A black skullcap covers short and balding hair: Darth Vader’s helmet outlined in grey. The floorgirl, when serving my drink, comments on the hat: she shows me a tattoo that looks very bright – even in the low light – with shades of green bursting behind a gray, monolithic phallus: technological inscriptions running through it. I reach out to rub it: her skin is silky smooth to my touch. I look up at her standing above me.

“What is it?” I feel my eyebrows move toward my nose.

“It’s a lightsaber,” she says, and I am sure I’ve fallen in love: tight black corset supporting smaller breasts to look stacked and exploding. Black panties tight around a solid hot ass, as she walks away. I sip my beer and smile knowing she gave it to me.

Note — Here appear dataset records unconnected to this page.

(* Let $(L,T,U,\bar e)$ be a feasible basis structure of an instance of the budget-constrained minimum cost flow problem and let $x$ be its basic feasible flow (the basic solution with respect to the budget $B$). Then $x$ can be decomposed as $x = x^I + x^C$, where $x^I\in\mathbb{Z}^E$ is integral and $x^C$ is non-zero (and possibly fractional) only on the edges of the cycle $C(\bar e)$.
   Context: Budget-constrained minimum cost flow problem: given a directed multigraph $G=(V,E)$ with capacities $u_e\in\mathbb{N}_{\ge 0}$, costs $c_e\in\mathbb{Z}$, usage fees $b_e\in\mathbb{N}_{\ge 0}$ for $e\in E$, and a budget $B\in\mathbb{N}_{\ge0}$. A feasible flow is a vector $x\in\mathbb{R}^E$ with $\sum_{e\in\delta^-(v)}x_e=\sum_{e\in\delta^+(v)}x_e$ for all $v\in V$ ($\delta^+(v)$, $\delta^-(v)$ the outgoing/incoming edges) and $0\le x_e\le u_e$; write $c(x)=\sum_e c_ex_e$, $b(x)=\sum_e b_ex_e$. The goal is to minimize $c(x)$ over feasible flows with $b(x)\le B$. A basis structure is a tuple $(L,T,U,\bar e)$ with $\bar e\in E$, $L,T,U$ a partition of $E\setminus\{\bar e\}$, and $T$ a spanning tree of the underlying undirected graph of $G$. For $f\in E\setminus T$, $C(f)$ is the unique (undirected) cycle in $T\cup\{f\}$; $C^+(f)$ ($C^-(f)$) are its edges oriented in the same (opposite) direction as $f$ along the cycle, and $b(C(f))=\sum_{g\in C^+(f)}b_g-\sum_{g\in C^-(f)}b_g$. It is required that $b(C(\bar e))\neq 0$. The basic solution of $(L,T,U,\bar e)$ is the unique vector $x$ satisfying flow conservation at every node, $x_e=0$ for $e\in L$, $x_e=u_e$ for $e\in U$, and $b(x)=B$. The basis structure is feasible if this $x$ satisfies $0\le x\le u$; $x$ is then called its basic feasible flow. *)

From mathcomp Require Import all_boot all_order all_algebra.
Set Implicit Arguments. Unset Strict Implicit. Unset Printing Implicit Defensive.
Import Order.TTheory GRing.Theory Num.Theory.

(* An undirected walk is a sequence of (edge, direction) pairs; (g, true)
   traverses g from src g to tgt g, (g, false) from tgt g to src g. *)
Local Open Scope ring_scope.
Section Graph.
Variables (V E : finType) (src tgt : E -> V).

Definition step_from (gd : E * bool) : V := if gd.2 then src gd.1 else tgt gd.1.
Definition step_to (gd : E * bool) : V := if gd.2 then tgt gd.1 else src gd.1.

Fixpoint uwalk (v w : V) (p : seq (E * bool)) : bool :=
  match p with
  | [::] => v == w
  | gd :: p' => (step_from gd == v) && uwalk (step_to gd) w p'
  end.

Definition uverts (v : V) (p : seq (E * bool)) : seq V := v :: map step_to p.

Definition tree_path (T : {set E}) (v w : V) (p : seq (E * bool)) : bool :=
  [&& uwalk v w p, all (fun gd => gd.1 \in T) p & uniq (uverts v p)].

Definition spanning_tree (T : {set E}) : Prop :=
  (forall v w : V, exists p, uwalk v w p && all (fun gd => gd.1 \in T) p)
  /\ #|T| = #|V|.-1.

(* Fundamental cycle C(f) of f w.r.t. T: the edge f followed by the (unique)
   simple path p in T from tgt f back to src f.  C^+(f) = f and the edges
   traversed forward in p; C^-(f) = edges traversed backward in p. *)
Definition fund_cycle_path (T : {set E}) (f : E) (p : seq (E * bool)) : bool :=
  tree_path T (tgt f) (src f) p.

Definition in_cycle (f : E) (p : seq (E * bool)) (g : E) : bool :=
  (g == f) || (g \in map fst p).
(* Let $\mathcal{G}=(G,\lambda)$ be a simple temporal clique, $G=(V,E)$, and let $\mathcal{T}^+=(V,E^+_T)$ be obtained by the backward construction. Then the backward fireworks cover $S^+_T=\{\{u,v\}\in E:(u,v)\in E^+_T\}\cup\{\{u,v\}\in E: u \text{ is a collector}\}$ is a temporal spanner of $\mathcal{G}$.
   Context: A simple temporal clique is a pair $\mathcal{G}=(G,\lambda)$ where $G=(V,E)$ is the complete graph on a finite vertex set $V$ and $\lambda:E\to\mathbb{N}$ assigns to each edge a single integer label such that any two distinct edges sharing an endpoint have different labels; the label of an arc $(x,y)$ is $\lambda(\{x,y\})$. A journey from $x$ to $y$ is a sequence of vertices $x=u_0,\dots,u_k=y$ ($k\ge1$) with $\lambda(\{u_{i-1},u_i\})<\lambda(\{u_i,u_{i+1}\})$ for $1\le i<k$. A set $E'\subseteq E$ is a temporal spanner of $\mathcal{G}$ if for every ordered pair of distinct vertices $x,y$ there is a journey from $x$ to $y$ using only edges of $E'$. For a vertex $v$, $e^+(v)$ is the edge incident to $v$ with largest label. Backward construction: let $E^+$ be the set of arcs $(v,u)$ with $\{u,v\}=e^+(v)$, except that if $e^+(u)=e^+(v)=\{u,v\}$ only one of the two arcs $(u,v),(v,u)$ is included (arbitrarily). Initialize $E^+_T:=E^+$. For every vertex $v$ of in-degree at least $2$ in $(V,E^+)$, let $(u_1,v),\dots,(u_\ell,v)$ be its in-arcs in $E^+$, where $(u_\ell,v)$ has the smallest label; for each $i<\ell$, if $u_i$ has in-degree $0$ in $(V,E^+)$, replace $(u_i,v)$ by $(v,u_i)$ in $E^+_T$, and otherwise remove $(u_i,v)$ from $E^+_T$. Set $\mathcal{T}^+=(V,E^+_T)$. A collector is a vertex of in-degree $0$ in $\mathcal{T}^+$. *)

From mathcomp Require Import all_boot.
Set Implicit Arguments. Unset Strict Implicit. Unset Printing Implicit Defensive.

(* A temporal clique on the finite vertex type V: every pair of distinct
   vertices {x,y} is an edge, with label lam x y (lam must be symmetric). *)
Section TemporalClique.
Variables (V : finType) (lam : V -> V -> nat).

Definition simple_temporal_clique : Prop :=
  (forall x y, lam x y = lam y x) /\
  (forall x y z, x != y -> x != z -> y != z -> lam x y != lam x z).

(* top v u : {v,u} is e^+(v), the edge at v with largest label *)
Definition top (v u : V) : bool :=
  (u != v) && [forall w, (w != v) ==> (lam v w <= lam v u)].

(* E^+ : arcs (v,u) with {u,v} = e^+(v); when e^+(u) = e^+(v) = {u,v}
   the arbitrary orientation is chosen by [pick] (pick x y = arc (x,y) kept) *)
Definition Eplus (pick : V -> V -> bool) (v u : V) : bool :=
  top v u && (~~ top u v || pick v u).

Definition indeg (A : rel V) (v : V) : nat := #|[set u | A u v]|.

Definition min_in (A : rel V) (u v : V) : bool :=
  A u v && [forall w, A w v ==> (lam u v <= lam w v)].

Definition ETplus (pick : V -> V -> bool) (x y : V) : bool :=
  let A := Eplus pick in
  (A x y && ((indeg A y < 2) || min_in A x y))
  || [&& A y x, 2 <= indeg A x, ~~ min_in A y x & indeg A y == 0].

Definition collector (pick : V -> V -> bool) (v : V) : bool :=
  [forall x, ~~ ETplus pick x v].

(* the backward fireworks cover S^+_T, as a symmetric relation on
   distinct vertices (an edge {u,v}) *)
Definition Splus (pick : V -> V -> bool) (u v : V) : bool :=
  (u != v) &&
  [|| ETplus pick u v, ETplus pick v u, collector pick u | collector pick v].

(* journey from x to y using only edges in S: x = u_0, s = [u_1;...;u_k],
   k >= 1, consecutive vertices distinct and forming edges in S, labels
   strictly increasing *)
Definition journey (S : rel V) (x y : V) (s : seq V) : Prop :=
  [/\ 0 < size s, last x s = y,
      path (fun a b => (a != b) && S a b) x s &
      sorted ltn [seq lam p.1 p.2 | p <- zip (x :: s) s]].

Definition temporal_spanner (S : rel V) : Prop :=
  forall x y : V, x != y -> exists s, journey S x y s.

End TemporalClique.

From mathcomp Require Import all_boot.

Set Implicit Arguments.
Unset Strict Implicit.
Unset Printing Implicit Defensive.

(* Call an arc of E^+ kept if it survives unreversed in T^+.  Claim: if (p,v)
   is kept, every x <> v reaches v by a journey in S^+_T whose last label is
   at most lambda(p,v).  By induction on lambda(p,v): x reaches p directly if p
   is a collector, with a label below lambda(p,v) because {p,v} = e^+(p);
   otherwise p has a kept in-arc (q,p) (a reversed arc into p could only come
   from e^+(p) = {p,v}, which would prevent (p,v) from being kept), and
   lambda(q,p) < lambda(p,v) since {p,v} = e^+(p).  A non-collector target y
   has an in-arc in T^+: either kept, and the claim applies, or reversed from
   some p, and then the journey goes through the minimal in-arc (m,p) of p in
   E^+, which is kept and has a smaller label than {p,y}. *)

Section Journeys.
Variables (V : finType) (lam : V -> V -> nat) (S : rel V).

Definition labels (x : V) (s : seq V) : seq nat :=
  [seq lam p.1 p.2 | p <- zip (x :: s) s].

Lemma labels_rcons x s q :
  labels x (rcons s q) = rcons (labels x s) (lam (last x s) q).
Proof. by elim: s x => [|a s IHs] x //=; rewrite -IHs. Qed.

Definition arrives_before (x v : V) (t : nat) : Prop :=
  exists2 s, journey lam S x v s & last 0 (labels x s) < t.

Lemma arrives_before_edge x v t :
  x != v -> S x v -> lam x v < t -> arrives_before x v t.
Proof.
by move=> xv Sxv lt_t; exists [:: v]; first split=> //=; rewrite ?xv ?Sxv.
Qed.

Lemma arrives_before_rcons x p q t :
  arrives_before x p (lam p q) -> p != q -> S p q -> lam p q < t ->
  arrives_before x q t.
Proof.
case=> s [s_gt0 last_s path_s sorted_s] lt_s pq Spq lt_t.
exists (rcons s q); last by rewrite labels_rcons last_rcons last_s.
split; rewrite ?size_rcons ?last_rcons //.
  by rewrite rcons_path path_s last_s pq Spq.
change (sorted ltn (labels x (rcons s q))); rewrite labels_rcons last_s.
move: sorted_s lt_s; rewrite -/(labels x s).
by case: s s_gt0 {last_s path_s} => [|a s] //= _; rewrite rcons_path => ->.
Qed.

End Journeys.

Section BackwardConstruction.
Variables (V : finType) (lam : V -> V -> nat) (pick : V -> V -> bool).
Hypothesis lam_sym : forall x y, lam x y = lam y x.
Hypothesis lam_inj :
  forall {x y z : V}, x != y -> x != z -> y != z -> lam x y != lam x z.
Hypothesis pick_asym : forall {x y : V}, x != y -> pick x y != pick y x.

Local Notation Aplus := (Eplus lam pick).
Local Notation Splus := (Splus lam pick).
Local Notation collector := (collector lam pick).

Definition kept_arc (v w : V) : bool :=
  Aplus v w && ((indeg Aplus w < 2) || min_in lam Aplus v w).

Lemma top_uniq {v a b} : top lam v a -> top lam v b -> a = b.
Proof.
move=> /andP[av /forallP top_a] /andP[bv /forallP top_b].
apply/eqP/negPn/negP => ab.
have va : v != a by rewrite eq_sym.
have vb : v != b by rewrite eq_sym.
move: (lam_inj va vb ab).
by rewrite eqn_leq (implyP (top_a b) bv) (implyP (top_b a) av).
Qed.

Lemma top_lt v w x : top lam v w -> x != v -> x != w -> lam v x < lam v w.
Proof.
move=> /andP[wv /forallP top_w] xv xw.
by rewrite ltn_neqAle (implyP (top_w x) xv) lam_inj // eq_sym.
Qed.

Lemma Eplus_neq a b : Aplus a b -> a != b.
Proof. by case/andP=> /andP[ba _] _; rewrite eq_sym. Qed.

Lemma Eplus_asym a b : Aplus a b -> ~~ Aplus b a.
Proof.
case/andP=> tab pab; apply/negP=> /andP[tba pba].
have ab : a != b by case/andP: tba.
rewrite tba /= in pab; rewrite tab /= in pba.
by have := pick_asym ab; rewrite pab pba.
Qed.

Lemma Eplus_chain_lt p v w : Aplus p v -> Aplus v w -> lam p v < lam v w.
Proof.
move=> Apv Avw; rewrite lam_sym; apply: top_lt.
- by case/andP: Avw.
- exact: Eplus_neq.
- by apply: contraTneq Apv => ->; exact: Eplus_asym.
Qed.

Lemma ETplus_Splus a b : a != b -> ETplus lam pick a b -> Splus a b.
Proof. by move=> ab Tab; rewrite /Splus ab Tab. Qed.

Lemma kept_Splus a b : kept_arc a b -> Splus a b.
Proof.
move=> kab; apply: ETplus_Splus; last by apply/orP; left.
by case/andP: kab => /Eplus_neq.
Qed.

Lemma collector_Splus a b : a != b -> collector b -> Splus a b.
Proof. by move=> ab col_b; rewrite /Splus ab col_b !orbT. Qed.

Lemma ETplus_cases u v :
  ETplus lam pick u v ->
  kept_arc u v \/ [/\ Aplus v u, 1 < indeg Aplus u & ~~ min_in lam Aplus v u].
Proof. by case/orP=> [|/and4P[]]; [left | right]. Qed.

Lemma kept_in_arc p v :
  kept_arc p v -> ~~ collector p -> exists q, kept_arc q p.
Proof.
move=> /andP[Apv kept_pv] /forallPn[q].
rewrite negbK => /ETplus_cases[kqp|[Apq two_in not_min]]; first by exists q.
have eq_vq : v = q := top_uniq (andP Apv).1 (andP Apq).1.
by move: kept_pv; rewrite eq_vq ltnNge two_in (negbTE not_min).
Qed.

Lemma not_min_in_kept y p :
  Aplus y p -> ~~ min_in lam Aplus y p ->
  exists2 m, kept_arc m p & lam m p < lam y p.
Proof.
move=> Ayp not_min.
have [m Amp min_m] := @arg_minnP _ y (Aplus^~ p) (lam^~ p) Ayp.
have min_in_m : min_in lam Aplus m p.
  by rewrite /min_in Amp; apply/forallP=> u; apply/implyP; apply: min_m.
exists m; first by rewrite /kept_arc Amp min_in_m orbT.
have my : m != y by apply: contraNneq _ not_min => <-.
rewrite ltn_neqAle min_m // andbT (lam_sym m) (lam_sym y).
by rewrite lam_inj // eq_sym Eplus_neq.
Qed.

Lemma kept_arrives_before p v x t :
  kept_arc p v -> x != v -> lam p v < t -> arrives_before lam Splus x v t.
Proof.
have [n] := ubnP (lam p v); elim: n => // n IHn in p v x t *.
rewrite ltnS => le_pv_n kpv xv lt_pv_t.
have Apv : Aplus p v by case/andP: kpv.
have [->|xp] := eqVneq x p.
  exact: arrives_before_edge (Eplus_neq Apv) (kept_Splus kpv) lt_pv_t.
apply: arrives_before_rcons _ (Eplus_neq Apv) (kept_Splus kpv) lt_pv_t.
have [col_p|/(kept_in_arc kpv)[q kqp]] := boolP (collector p).
  apply: (arrives_before_edge xp (collector_Splus xp col_p)).
  by case/andP: Apv => tpv _; rewrite lam_sym top_lt.
have lt_qp_pv := Eplus_chain_lt (andP kqp).1 Apv.
exact: IHn (leq_trans lt_qp_pv le_pv_n) kqp xp lt_qp_pv.
Qed.

End BackwardConstruction.

Theorem theorem4 (V : finType) (lam : V -> V -> nat)
  (Hclique : simple_temporal_clique lam)
  (pick : V -> V -> bool)
  (Hpick : forall x y : V, x != y -> pick x y != pick y x) :
  temporal_spanner lam (Splus lam pick).
Proof.
case: Hclique => lam_sym lam_inj x y xy.
suff [t [s journey_s _]] : exists t, arrives_before lam (Splus lam pick) x y t.
  by exists s.
have [col_y|/forallPn[p]] := boolP (collector lam pick y).
  exists (lam x y).+1.
  exact: (arrives_before_edge xy (collector_Splus xy col_y) (ltnSn _)).
rewrite negbK => Tpy; exists (lam p y).+1.
case: (ETplus_cases Tpy) => [kpy|[Ayp _ not_min]].
  exact: (kept_arrives_before lam_sym lam_inj Hpick kpy xy (ltnSn _)).
have [m kmp lt_mp] := not_min_in_kept lam_sym lam_inj Ayp not_min.
have py : p != y by rewrite eq_sym (Eplus_neq Ayp).
have Spy := ETplus_Splus py Tpy.
have [->|xp] := eqVneq x p.
  exact: (arrives_before_edge py Spy (ltnSn _)).
apply: arrives_before_rcons _ py Spy (ltnSn _).
apply: (kept_arrives_before lam_sym lam_inj Hpick kmp xp).
by rewrite (lam_sym p).
Qed.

I watch the dancer on the stage. She is maybe good, I don’t remember. Because a girl to my left is speaking to two older black men. She is Pacific Islander; her skin glows a light milky tan in the blacklight. Her ass curls up and around her backside leaving a sultry shadow on the tender skin of her thighs. A miniscule black dress is fanned at the sides, like window blinds revealing her skin beneath.

As I watch her: she calms the conversation with the two black men, makes them laugh. Leaving them, she turns to look at me and smiles; I smile back. Her cleavage is tight to her chest. A strapless black dress lets her sandy blonde hair cascade onto her shoulders. She smiles a huge smile; more primal than any sober encounter a man could have. She walks over to me on stilts called heels. Her balance is beautiful to see.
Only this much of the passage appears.